▶ _Work required_:
Your job with the data below: print everything from the line that holds "unfold wallis_J. rewrite" down to the line that holds "assert (Hibp : RInt (fun x => 2", ends included, exactly, and nothing else.
== Segment start ==
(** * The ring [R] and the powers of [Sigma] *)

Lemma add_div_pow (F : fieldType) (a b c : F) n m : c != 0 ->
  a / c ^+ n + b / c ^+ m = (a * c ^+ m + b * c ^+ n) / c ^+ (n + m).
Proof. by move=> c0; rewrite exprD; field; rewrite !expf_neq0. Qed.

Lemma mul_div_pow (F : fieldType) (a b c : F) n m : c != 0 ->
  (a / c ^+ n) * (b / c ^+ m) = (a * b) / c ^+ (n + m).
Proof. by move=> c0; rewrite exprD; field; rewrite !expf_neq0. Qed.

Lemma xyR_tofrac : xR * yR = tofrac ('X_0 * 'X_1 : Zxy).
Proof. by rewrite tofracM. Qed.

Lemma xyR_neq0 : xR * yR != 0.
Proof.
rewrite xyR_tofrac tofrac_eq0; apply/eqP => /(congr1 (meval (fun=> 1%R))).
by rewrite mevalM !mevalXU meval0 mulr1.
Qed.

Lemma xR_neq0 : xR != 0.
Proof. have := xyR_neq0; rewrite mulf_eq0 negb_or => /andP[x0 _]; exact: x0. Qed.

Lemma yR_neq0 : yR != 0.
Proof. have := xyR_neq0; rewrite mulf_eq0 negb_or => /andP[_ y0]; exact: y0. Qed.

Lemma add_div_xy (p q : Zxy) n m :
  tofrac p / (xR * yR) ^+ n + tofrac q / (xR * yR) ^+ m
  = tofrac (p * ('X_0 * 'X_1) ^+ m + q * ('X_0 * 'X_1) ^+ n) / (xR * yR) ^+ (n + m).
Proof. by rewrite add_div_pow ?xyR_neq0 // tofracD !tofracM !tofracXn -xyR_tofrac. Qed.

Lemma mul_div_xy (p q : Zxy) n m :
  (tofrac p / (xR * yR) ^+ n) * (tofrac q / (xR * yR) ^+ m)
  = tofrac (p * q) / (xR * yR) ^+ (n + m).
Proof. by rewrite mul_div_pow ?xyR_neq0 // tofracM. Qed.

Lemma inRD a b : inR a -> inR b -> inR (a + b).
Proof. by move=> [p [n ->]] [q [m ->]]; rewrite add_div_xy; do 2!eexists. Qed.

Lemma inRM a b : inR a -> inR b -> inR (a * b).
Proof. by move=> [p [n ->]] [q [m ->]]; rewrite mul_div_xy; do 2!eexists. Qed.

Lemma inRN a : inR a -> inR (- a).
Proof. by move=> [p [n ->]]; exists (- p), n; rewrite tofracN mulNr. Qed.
== Segment end ==
== Segment start ==
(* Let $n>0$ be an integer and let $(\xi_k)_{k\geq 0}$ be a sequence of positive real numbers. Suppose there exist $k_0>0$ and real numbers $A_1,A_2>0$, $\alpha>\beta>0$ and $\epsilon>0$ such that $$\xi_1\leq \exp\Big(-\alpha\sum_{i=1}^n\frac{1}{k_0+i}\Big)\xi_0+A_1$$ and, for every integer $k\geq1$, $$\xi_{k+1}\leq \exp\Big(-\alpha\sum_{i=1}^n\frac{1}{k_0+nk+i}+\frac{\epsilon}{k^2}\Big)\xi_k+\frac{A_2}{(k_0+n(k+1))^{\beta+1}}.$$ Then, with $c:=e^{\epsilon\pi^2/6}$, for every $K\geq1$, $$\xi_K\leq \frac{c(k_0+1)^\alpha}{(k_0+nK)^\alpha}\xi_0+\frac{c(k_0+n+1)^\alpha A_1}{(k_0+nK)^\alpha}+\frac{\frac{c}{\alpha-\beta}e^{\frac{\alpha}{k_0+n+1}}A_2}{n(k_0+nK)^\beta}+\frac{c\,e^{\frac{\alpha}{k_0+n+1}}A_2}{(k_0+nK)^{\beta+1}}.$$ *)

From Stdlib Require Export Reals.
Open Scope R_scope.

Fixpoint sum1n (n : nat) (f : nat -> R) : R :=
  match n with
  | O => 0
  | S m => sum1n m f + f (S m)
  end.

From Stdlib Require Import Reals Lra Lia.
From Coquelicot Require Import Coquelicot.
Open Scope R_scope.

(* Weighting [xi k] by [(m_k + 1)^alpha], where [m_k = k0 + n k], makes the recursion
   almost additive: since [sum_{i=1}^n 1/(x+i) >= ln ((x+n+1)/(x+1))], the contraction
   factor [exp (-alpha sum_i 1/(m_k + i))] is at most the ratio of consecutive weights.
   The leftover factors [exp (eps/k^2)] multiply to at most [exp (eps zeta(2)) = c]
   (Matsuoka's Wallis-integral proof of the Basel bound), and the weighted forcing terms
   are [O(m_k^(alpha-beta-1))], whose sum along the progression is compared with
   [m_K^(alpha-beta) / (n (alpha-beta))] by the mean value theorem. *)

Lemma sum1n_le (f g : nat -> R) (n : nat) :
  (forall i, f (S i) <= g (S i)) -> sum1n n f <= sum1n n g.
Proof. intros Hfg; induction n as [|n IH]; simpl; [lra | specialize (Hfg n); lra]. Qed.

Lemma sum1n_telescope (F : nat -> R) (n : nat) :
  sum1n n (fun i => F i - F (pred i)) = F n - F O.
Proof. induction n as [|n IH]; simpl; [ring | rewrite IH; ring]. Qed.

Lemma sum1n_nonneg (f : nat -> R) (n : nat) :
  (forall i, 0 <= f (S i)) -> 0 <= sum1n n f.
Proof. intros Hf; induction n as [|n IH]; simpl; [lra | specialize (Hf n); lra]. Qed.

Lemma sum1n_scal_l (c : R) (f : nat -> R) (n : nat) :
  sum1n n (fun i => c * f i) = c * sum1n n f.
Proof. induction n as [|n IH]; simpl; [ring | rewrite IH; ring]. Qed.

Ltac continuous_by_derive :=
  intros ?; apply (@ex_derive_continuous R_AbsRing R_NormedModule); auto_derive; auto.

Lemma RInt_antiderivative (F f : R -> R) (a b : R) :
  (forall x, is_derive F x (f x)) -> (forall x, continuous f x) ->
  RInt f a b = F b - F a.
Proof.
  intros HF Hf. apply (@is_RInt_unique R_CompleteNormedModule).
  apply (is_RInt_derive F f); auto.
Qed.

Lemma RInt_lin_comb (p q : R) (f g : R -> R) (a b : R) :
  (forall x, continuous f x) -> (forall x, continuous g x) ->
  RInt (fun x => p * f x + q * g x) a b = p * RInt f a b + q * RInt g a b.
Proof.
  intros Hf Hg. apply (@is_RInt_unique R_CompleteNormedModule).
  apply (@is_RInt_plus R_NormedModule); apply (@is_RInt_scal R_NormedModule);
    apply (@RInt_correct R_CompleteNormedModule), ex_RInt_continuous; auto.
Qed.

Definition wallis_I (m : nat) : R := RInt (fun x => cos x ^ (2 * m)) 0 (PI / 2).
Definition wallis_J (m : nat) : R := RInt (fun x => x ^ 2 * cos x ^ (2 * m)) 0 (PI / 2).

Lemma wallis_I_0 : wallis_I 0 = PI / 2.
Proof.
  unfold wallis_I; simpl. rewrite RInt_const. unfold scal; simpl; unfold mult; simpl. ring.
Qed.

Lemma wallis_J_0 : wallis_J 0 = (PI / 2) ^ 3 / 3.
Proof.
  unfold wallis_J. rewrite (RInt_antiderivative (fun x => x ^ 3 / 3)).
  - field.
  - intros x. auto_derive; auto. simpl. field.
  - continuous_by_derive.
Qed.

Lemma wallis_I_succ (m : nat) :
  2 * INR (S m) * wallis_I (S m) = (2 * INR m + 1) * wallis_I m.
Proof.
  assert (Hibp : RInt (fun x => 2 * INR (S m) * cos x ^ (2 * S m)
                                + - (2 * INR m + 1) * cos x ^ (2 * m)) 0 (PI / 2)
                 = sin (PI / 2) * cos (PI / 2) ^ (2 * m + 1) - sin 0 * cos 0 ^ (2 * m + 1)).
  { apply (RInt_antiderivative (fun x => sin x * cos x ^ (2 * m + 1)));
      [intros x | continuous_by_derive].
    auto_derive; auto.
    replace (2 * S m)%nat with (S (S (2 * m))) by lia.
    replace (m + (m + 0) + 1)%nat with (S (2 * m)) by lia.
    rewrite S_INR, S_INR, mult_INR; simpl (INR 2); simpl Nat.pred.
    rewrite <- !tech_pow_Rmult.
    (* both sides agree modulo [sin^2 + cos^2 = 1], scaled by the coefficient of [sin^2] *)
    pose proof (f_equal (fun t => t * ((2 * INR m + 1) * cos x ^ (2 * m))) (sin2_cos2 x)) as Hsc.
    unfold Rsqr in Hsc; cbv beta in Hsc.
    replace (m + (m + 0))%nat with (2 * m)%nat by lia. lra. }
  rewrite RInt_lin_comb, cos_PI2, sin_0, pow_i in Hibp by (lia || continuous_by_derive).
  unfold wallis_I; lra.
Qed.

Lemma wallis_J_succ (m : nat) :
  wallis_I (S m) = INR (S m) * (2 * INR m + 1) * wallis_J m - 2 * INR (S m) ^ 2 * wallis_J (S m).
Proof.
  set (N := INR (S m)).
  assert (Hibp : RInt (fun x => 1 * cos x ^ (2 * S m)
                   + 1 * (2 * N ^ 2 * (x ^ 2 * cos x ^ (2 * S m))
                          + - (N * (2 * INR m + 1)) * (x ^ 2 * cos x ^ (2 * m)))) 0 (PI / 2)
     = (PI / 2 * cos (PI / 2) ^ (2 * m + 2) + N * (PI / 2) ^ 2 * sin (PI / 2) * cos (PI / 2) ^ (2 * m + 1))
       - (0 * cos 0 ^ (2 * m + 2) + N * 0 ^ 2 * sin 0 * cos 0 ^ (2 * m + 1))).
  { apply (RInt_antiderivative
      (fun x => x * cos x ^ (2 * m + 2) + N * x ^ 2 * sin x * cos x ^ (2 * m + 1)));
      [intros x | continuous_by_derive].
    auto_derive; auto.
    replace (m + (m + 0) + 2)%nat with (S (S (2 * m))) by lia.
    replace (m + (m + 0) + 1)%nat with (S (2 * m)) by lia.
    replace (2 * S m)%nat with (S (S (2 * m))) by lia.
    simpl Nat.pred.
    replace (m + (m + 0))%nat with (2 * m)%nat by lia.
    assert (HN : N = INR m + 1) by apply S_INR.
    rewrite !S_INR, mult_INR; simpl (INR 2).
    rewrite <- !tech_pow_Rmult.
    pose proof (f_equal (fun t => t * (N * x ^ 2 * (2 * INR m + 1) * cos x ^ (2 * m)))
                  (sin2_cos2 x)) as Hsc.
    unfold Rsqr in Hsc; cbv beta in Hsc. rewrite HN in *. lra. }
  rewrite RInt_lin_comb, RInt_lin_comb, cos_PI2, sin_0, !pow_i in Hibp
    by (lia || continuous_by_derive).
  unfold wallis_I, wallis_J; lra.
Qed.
== Segment end ==
== Segment start ==
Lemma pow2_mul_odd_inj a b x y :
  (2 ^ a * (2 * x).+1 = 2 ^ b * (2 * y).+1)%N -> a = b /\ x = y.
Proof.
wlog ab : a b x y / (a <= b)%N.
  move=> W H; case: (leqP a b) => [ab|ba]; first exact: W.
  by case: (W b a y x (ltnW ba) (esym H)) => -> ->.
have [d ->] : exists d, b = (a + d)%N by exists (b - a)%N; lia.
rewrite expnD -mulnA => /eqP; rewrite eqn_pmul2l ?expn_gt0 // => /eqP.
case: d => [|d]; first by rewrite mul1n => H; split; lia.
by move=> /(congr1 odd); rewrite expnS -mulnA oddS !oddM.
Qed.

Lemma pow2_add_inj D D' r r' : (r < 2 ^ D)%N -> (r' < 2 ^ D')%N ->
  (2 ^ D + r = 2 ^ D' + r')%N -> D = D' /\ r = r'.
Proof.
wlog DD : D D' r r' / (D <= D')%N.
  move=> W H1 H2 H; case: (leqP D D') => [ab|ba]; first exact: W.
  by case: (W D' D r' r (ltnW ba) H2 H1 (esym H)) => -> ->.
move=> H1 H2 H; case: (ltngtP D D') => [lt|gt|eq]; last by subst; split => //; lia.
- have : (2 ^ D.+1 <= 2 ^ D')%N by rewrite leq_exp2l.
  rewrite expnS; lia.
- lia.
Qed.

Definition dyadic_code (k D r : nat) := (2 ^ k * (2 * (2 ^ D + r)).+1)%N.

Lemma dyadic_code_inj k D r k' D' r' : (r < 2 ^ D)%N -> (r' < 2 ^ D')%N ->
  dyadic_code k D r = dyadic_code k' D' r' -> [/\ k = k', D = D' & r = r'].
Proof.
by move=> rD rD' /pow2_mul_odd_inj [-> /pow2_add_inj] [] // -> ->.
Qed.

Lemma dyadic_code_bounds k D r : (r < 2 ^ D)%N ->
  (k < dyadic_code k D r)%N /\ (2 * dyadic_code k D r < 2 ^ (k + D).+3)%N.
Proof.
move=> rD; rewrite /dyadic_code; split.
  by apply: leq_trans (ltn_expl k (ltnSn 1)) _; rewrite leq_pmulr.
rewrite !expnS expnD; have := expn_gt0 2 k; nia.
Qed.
== Segment end ==
▶ _Answer space_:
  unfold wallis_J. rewrite (RInt_antiderivative (fun x => x ^ 3 / 3)).
  - field.
  - intros x. auto_derive; auto. simpl. field.
  - continuous_by_derive.
Qed.

Lemma wallis_I_succ (m : nat) :
  2 * INR (S m) * wallis_I (S m) = (2 * INR m + 1) * wallis_I m.
Proof.
  assert (Hibp : RInt (fun x => 2 * INR (S m) * cos x ^ (2 * S m)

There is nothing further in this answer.